• Provided data:
Lemma RInt_nonneg_monotone (f : R -> R) (a b b' : R) :
  (forall u v, a <= u -> a <= v -> ex_RInt f u v) ->
  (forall t, a <= t -> 0 <= f t) ->
  a <= b <= b' -> RInt f a b <= RInt f a b'.
Proof.
  intros Hint Hpos Hb.
  rewrite <- (RInt_Chasles f a b b') by (apply Hint; lra).
  assert (0 <= RInt f b b').
  { apply RInt_ge_0; [lra | apply Hint; lra | intros t Ht; apply Hpos; lra]. }
  simpl. unfold plus. simpl. lra.
Qed.

Lemma is_RInt_gen_nonneg_bounded (f : R -> R) (a B : R) :
  (forall u v, a <= u -> a <= v -> ex_RInt f u v) ->
  (forall t, a <= t -> 0 <= f t) ->
  (forall b, a <= b -> RInt f a b <= B) ->
  exists I, is_RInt_gen f (at_point a) (Rbar_locally p_infty) I /\
            forall b, a <= b -> RInt f a b <= I.
Proof.
  intros Hint Hpos Hbnd.
  set (E := fun y => exists b, a <= b /\ y = RInt f a b).
  destruct (completeness E) as [I [Hub Hlub]].
  - exists B. intros y [b [Hb ->]]. apply Hbnd, Hb.
  - exists (RInt f a a). exists a. split; [lra | reflexivity].
  - assert (Hle : forall b, a <= b -> RInt f a b <= I)
      by (intros b Hb; apply Hub; exists b; split; [exact Hb | reflexivity]).
    exists I. split; [| exact Hle].
    intros P [eps HP].
    assert (Hb0 : exists b0, a <= b0 /\ I - eps < RInt f a b0).
    { apply NNPP. intros Hn.
      assert (Hup : is_upper_bound E (I - eps)).
      { intros y [b [Hb ->]]. apply Rnot_lt_le. intros Hlt. apply Hn. exists b. split; assumption. }
      apply Hlub in Hup. destruct eps as [eps Heps]. simpl in Hup. lra. }
    destruct Hb0 as [b0 [Hb0 Hlt]].
    apply Filter_prod with (Q := fun u => u = a) (R := fun v => b0 < v).
    + reflexivity.
    + exists b0. tauto.
    + intros u v -> Hv. exists (RInt f a v). split.
      * apply (RInt_correct (V := R_CompleteNormedModule)). apply Hint; lra.
      * apply HP. pose proof (RInt_nonneg_monotone f a b0 v Hint Hpos ltac:(lra)).
        pose proof (Hle v ltac:(lra)).
        unfold ball; simpl. unfold AbsRing_ball, abs, minus, plus, opp; simpl.
        rewrite Rabs_left1 by lra. lra.
Qed.

Definition sigma_weight (t : R) : R := sigma_act t / (2 * t + 1) ^ 2.

Lemma ex_RInt_sigma_weight (u v : R) : 0 <= u -> 0 <= v -> ex_RInt sigma_weight u v.
Proof.
  intros Hu Hv. apply (ex_RInt_ext (fun t => (1 * sigma_act t + 0) / (2 * t + 1) ^ 2)).
  - intros t _. unfold sigma_weight. f_equal. ring.
  - apply ex_RInt_sigma_act_weighted; assumption.
Qed.

Lemma sigma_weight_nonneg (t : R) : 0 <= t -> 0 <= sigma_weight t.
Proof.
  intros Ht. unfold sigma_weight. rewrite sigma_act_nonneg by exact Ht.
  pose proof (sigma1_bounds t). apply Rdiv_le_0_compat; [lra | apply pow_lt; lra].
Qed.

Lemma is_RInt_inv_sqr (b : R) : 0 <= b ->
  is_RInt (fun t => / (2 * t + 1) ^ 2) 0 b (/ 2 - / (2 * (2 * b + 1))).
Proof.
  intros Hb.
  replace (/ 2 - / (2 * (2 * b + 1)))
    with (minus (- / (2 * (2 * b + 1))) (- / (2 * (2 * 0 + 1))))
    by (unfold minus, plus, opp; simpl; field; lra).
  apply (is_RInt_derive (V := R_CompleteNormedModule) (fun t => - / (2 * (2 * t + 1)))).
  - intros t [Ht _]. rewrite Rmin_left in Ht by exact Hb.
    auto_derive; [lra | field; lra].
  - intros t [Ht _]. rewrite Rmin_left in Ht by exact Hb.
    apply (ex_derive_continuous (K := R_AbsRing) (V := R_NormedModule)).
    auto_derive. rewrite Rmult_1_r. apply Rmult_integral_contrapositive_currified; lra.
Qed.

Lemma RInt_sigma_weight_le_half (b : R) : 0 <= b -> RInt sigma_weight 0 b <= / 2.
Proof.
  intros Hb.
  apply Rle_trans with (RInt (fun t => / (2 * t + 1) ^ 2) 0 b).
  - apply RInt_le;
      [exact Hb | apply ex_RInt_sigma_weight; lra | eexists; apply is_RInt_inv_sqr, Hb |].
    intros t Ht. unfold sigma_weight. rewrite sigma_act_nonneg by lra.
    pose proof (sigma1_bounds t).
    assert (0 < / (2 * t + 1) ^ 2) by (apply Rinv_0_lt_compat, pow_lt; lra).
    unfold Rdiv. nra.
  - rewrite (is_RInt_unique _ _ _ _ (is_RInt_inv_sqr b Hb)).
    assert (0 < / (2 * (2 * b + 1))) by (apply Rinv_0_lt_compat; lra). lra.
Qed.

Lemma RInt_sigma_weight_pos : 0 < RInt sigma_weight 0 1.
Proof.
  rewrite (RInt_ext _ (fun t => (1 * sigma1 t + 0) / (2 * t + 1) ^ 2)).
  - apply RInt_gt_0; [lra | |].
    + intros t Ht. rewrite sigma1_Rabs, Rabs_right by (try rewrite Rabs_right; lra).
      apply Rdiv_lt_0_compat; [lra | apply pow_lt; lra].
    + intros t Ht. apply continuous_sigma1_weighted. lra.
  - intros t Ht. rewrite Rmin_left, Rmax_right in Ht by lra.
    unfold sigma_weight. rewrite sigma_act_nonneg by lra. f_equal. ring.
Qed.

Lemma c_const_pos : 0 < c_const.
Proof.
  destruct (is_RInt_gen_nonneg_bounded sigma_weight 0 (/ 2)) as [I [HI Hle]].
  - apply ex_RInt_sigma_weight.
  - apply sigma_weight_nonneg.
  - apply RInt_sigma_weight_le_half.
  - unfold c_const. fold sigma_weight. rewrite (is_RInt_gen_unique _ _ HI).
    pose proof (Hle 1 ltac:(lra)). pose proof RInt_sigma_weight_pos.
    apply Rinv_0_lt_compat. lra.
Qed.

Definition dsigma_tilde (t : R) : R := (c_const * sigma_act t + 1) / (2 * t + 1) ^ 2.

Lemma sigma_tilde_nonneg (y : R) : 0 <= y -> sigma_tilde y = RInt dsigma_tilde 0 y.
Proof.
  intros Hy. unfold sigma_tilde. destruct (Rle_dec y 0); [| reflexivity].
  replace y with 0 by lra. rewrite RInt_point. unfold zero; simpl. field.
Qed.

Lemma inv_sqr_Lipschitz (P Q : R) : 1 <= P -> 1 <= Q ->
  Rabs (/ P ^ 2 - / Q ^ 2) <= 2 * Rabs (P - Q).
Proof.
  intros HP HQ.
  replace (/ P ^ 2 - / Q ^ 2) with ((P - Q) * - ((P + Q) / (P ^ 2 * Q ^ 2)))
    by (field; lra).
  rewrite Rabs_mult, Rmult_comm. apply Rmult_le_compat_r; [apply Rabs_pos |].
  rewrite Rabs_Ropp, Rabs_right
    by (apply Rle_ge, Rdiv_le_0_compat; [lra | apply Rmult_lt_0_compat; apply pow_lt; lra]).
  apply Rle_div_l; [apply Rmult_lt_0_compat; apply pow_lt; lra |].
  assert (1 <= P * Q) by nra. assert (P * Q <= P ^ 2 * Q ^ 2) by nra. nra.
Qed.

Lemma dsigma_tilde_Lipschitz (t y : R) : 0 <= t -> 0 <= y ->
  Rabs (dsigma_tilde t - dsigma_tilde y) <= (5 * c_const + 4) * Rabs (t - y).
Proof.
  intros Ht Hy. pose proof c_const_pos as Hc. set (c := c_const) in *.
  unfold dsigma_tilde. fold c. rewrite !sigma_act_nonneg by assumption.
  pose proof (sigma1_bounds y). pose proof (sigma1_Lipschitz t y).
  pose proof (inv_sqr_Lipschitz (2 * t + 1) (2 * y + 1) ltac:(lra) ltac:(lra)) as Hinv.
  replace (2 * t + 1 - (2 * y + 1)) with (2 * (t - y)) in Hinv by ring.
  rewrite Rabs_mult, (Rabs_right 2) in Hinv by lra.
  assert (Ht2 : 0 < / (2 * t + 1) ^ 2 <= 1).
  { split; [apply Rinv_0_lt_compat, pow_lt; lra |].
    rewrite <- Rinv_1. apply Rinv_le_contravar; [lra | nra]. }
  unfold Rdiv.
  replace ((c * sigma1 t + 1) * / (2 * t + 1) ^ 2 - (c * sigma1 y + 1) * / (2 * y + 1) ^ 2)
    with (c * (sigma1 t - sigma1 y) * / (2 * t + 1) ^ 2
          + (c * sigma1 y + 1) * (/ (2 * t + 1) ^ 2 - / (2 * y + 1) ^ 2)) by ring.
  eapply Rle_trans; [apply Rabs_triang |].
  rewrite !Rabs_mult, (Rabs_right c), (Rabs_right (/ (2 * t + 1) ^ 2)),
    (Rabs_right (c * sigma1 y + 1)) by nra.
  pose proof (Rabs_pos (sigma1 t - sigma1 y)).
  pose proof (Rabs_pos (/ (2 * t + 1) ^ 2 - / (2 * y + 1) ^ 2)).
  assert (c * Rabs (sigma1 t - sigma1 y) * / (2 * t + 1) ^ 2 <= c * Rabs (t - y)).
  { apply Rle_trans with (c * Rabs (sigma1 t - sigma1 y) * 1);
      [apply Rmult_le_compat_l |]; nra. }
  assert ((c * sigma1 y + 1) * Rabs (/ (2 * t + 1) ^ 2 - / (2 * y + 1) ^ 2)
          <= (c + 1) * (4 * Rabs (t - y))) by (apply Rmult_le_compat; nra).
  nra.
Qed.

• Exercise details:
Please make an exact copy of the lines above from the line with "- apply ex_RInt_sigma_weight." through the line with "rewrite Rabs_Ropp, Rabs_right", both ends included.

• Solution:
  - apply ex_RInt_sigma_weight.
  - apply sigma_weight_nonneg.
  - apply RInt_sigma_weight_le_half.
  - unfold c_const. fold sigma_weight. rewrite (is_RInt_gen_unique _ _ HI).
    pose proof (Hle 1 ltac:(lra)). pose proof RInt_sigma_weight_pos.
    apply Rinv_0_lt_compat. lra.
Qed.

Definition dsigma_tilde (t : R) : R := (c_const * sigma_act t + 1) / (2 * t + 1) ^ 2.

Lemma sigma_tilde_nonneg (y : R) : 0 <= y -> sigma_tilde y = RInt dsigma_tilde 0 y.
Proof.
  intros Hy. unfold sigma_tilde. destruct (Rle_dec y 0); [| reflexivity].
  replace y with 0 by lra. rewrite RInt_point. unfold zero; simpl. field.
Qed.

Lemma inv_sqr_Lipschitz (P Q : R) : 1 <= P -> 1 <= Q ->
  Rabs (/ P ^ 2 - / Q ^ 2) <= 2 * Rabs (P - Q).
Proof.
  intros HP HQ.
  replace (/ P ^ 2 - / Q ^ 2) with ((P - Q) * - ((P + Q) / (P ^ 2 * Q ^ 2)))
    by (field; lra).
  rewrite Rabs_mult, Rmult_comm. apply Rmult_le_compat_r; [apply Rabs_pos |].
  rewrite Rabs_Ropp, Rabs_right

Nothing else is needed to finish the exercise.